A Mayan Proposal

May 1, 2012
By ZachRagatz BRONZE, Chandler, Arizona
ZachRagatz BRONZE, Chandler, Arizona
2 articles 0 photos 0 comments

To the Mayans who never finished constructing their calendar,

First, let me start off by saying that you guys are stirring up quite a hullabaloo. Your laziness has spawned controversy, prophecies, and shitty movies, all while highlighting the idiocy of the human race. People are calling December 21, 2012 the “end of the world”, the “apocalypse”, and “my birthday.” People like that are being overly superstitious, obnoxious, pretentious, stupid, idiotic, etc., and it’s really starting to irk me. You need to fix it.

Before I continue ranting, I have a few questions to ask all of you. Let’s begin with this: Why did you make such a long calendar? Your civilization died out around nearly 500 years before your calendar did (oops, spoiler)! Why on earth would you need to look that far in the future? The majority of you had plenty of your problems to deal with (those pesky conquistadores were just the beginning), and yet, you took the time to extend the calendar way longer than you’d ever need it. I don’t even buy enough toilet paper to last me a month, let alone 500 years. Secondly, why didn’t you communicate with the Greeks or the Romans on your calendar set up? If you were such an “advanced society”, maybe you would have let rest of the world know you were going to finish the calendar on December 21, 2012. Send a letter, get in contact with those toga dudes ? I heard pigeon mail was becoming quite the hit in your days. Take the blinders off, and think a little!

To the supervisor of the Mayan calendar venture, I have some complaints that need filing. Firstly, one of your scribes either got lazy, got laid off, or died of the plague, because your project has found a definite end. Your calendar stops precariously on a random day during some asinine year in the future, and none of us have any idea why! Now, if you intended the calendar to end on that specific day, due to some cataclysmic world event that will shatter life as we know it, then please give us a little notice, some sign that you meant it that way. That’s a detail you want to add to a calendar, just like a birthday, or an anniversary.

To the leader of the Mayans, the head honcho, those complaints above apply to you as well! You seem to have no problem organizing virgin sacrifices or assaults on nearby villages, but leaving your calendar unfinished? Come on. The modern world is counting on your skills to lead your people, and we’re also counting on your ability to count! We modern folk aren’t smart enough to create our own calendar, now that we’ve been copying you all for so long. I don’t care if you realized 500 extra years on the calendar is unnecessary ? you need to finish what you start. Nowadays, if a problem occurs, we blame the leader; I didn’t make that rule, I’m just copying everyone else.

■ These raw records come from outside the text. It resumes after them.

Lemma is_diff_col_mx {m1 m2 r : nat} {f df : V -> 'M[R]_(m1, r)}
    {g dg : V -> 'M[R]_(m2, r)} {x : V} :
  is_diff x f df -> is_diff x g dg ->
  is_diff x (fun y => col_mx (f y) (g y)) (fun h => col_mx (df h) (dg h)).
Proof.
have col_mxE (a : 'M[R]_(m1, r)) b :
    col_mx a b = col_mx 1%:M 0 *m a + col_mx 0 1%:M *m b.
  by rewrite !mul_col_mx !mul1mx !mul0mx add_col_mx addr0 add0r.
move=> dfx dgx.
have -> : (fun y => col_mx (f y) (g y)) =
    (fun y => col_mx 1%:M 0 *m f y) + (fun y => col_mx 0 1%:M *m g y).
  by apply/funext => y; rewrite col_mxE.
have -> : (fun h => col_mx (df h) (dg h)) =
    (fun h => col_mx 1%:M 0 *m df h) + (fun h => col_mx 0 1%:M *m dg h).
  by apply/funext => h; rewrite col_mxE.
exact: is_diffD (is_diff_linear_mx (mulmx _) dfx) (is_diff_linear_mx (mulmx _) dgx).
Qed.

Lemma is_diff_sum (W : normedModType R) (I : finType) (f df : I -> V -> W) x :
  (forall i, is_diff x (f i) (df i)) ->
  is_diff x (fun y => \sum_i f i y) (fun h => \sum_i df i h).
Proof.
move=> dfx; rewrite -!fct_sumE.
elim/big_ind2 : _ => [|f1 df1 f2 df2|i _]; first exact: is_diff_cst.
  exact: is_diffD.
exact: dfx.
Qed.

Lemma is_diff_mx {m p : nat} (f : V -> 'M[R]_(m, p)) (x : V) :
  (forall i j, differentiable (fun y => f y i j) x) ->
  is_diff x f (fun h => \matrix_(i, j) 'd (fun y => f y i j) x h).
Proof.
move=> dfx.
have fE : f = fun y => \sum_i \sum_j f y i j *: delta_mx i j.
  by apply/funext => y; exact: matrix_sum_delta.
have dfE : (fun h => \matrix_(i, j) 'd (fun y => f y i j) x h) =
    fun h => \sum_i \sum_j 'd (fun y => f y i j) x h *: delta_mx i j.
  apply/funext => h; rewrite [LHS]matrix_sum_delta.
  by under eq_bigr do under eq_bigr do rewrite mxE.
rewrite dfE {1}fE; apply: is_diff_sum => i; apply: is_diff_sum => j.
by apply: DiffDef; [exact: differentiableZl|exact: diffZl].
Qed.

Overall, Mayans, I just want you to be more responsible when it comes to making such a pivotal calendar. If you had enough foresight to be able to construct a calendar 500 extra years, you should have known that us modern folks would rely on it! Why was there no communication with the other intelligentsia of the world? How come the Greeks and Romans didn’t end their calendar on the same day? Because y’all are lying to us! Don’t be taking shortcuts, Mayans; you need to finish what you start.

However, I cannot finish drafting this letter yet, as I am indisposed at the moment, stocking my underground bunker with toilet paper. Hopefully it’ll last as long as you guys did.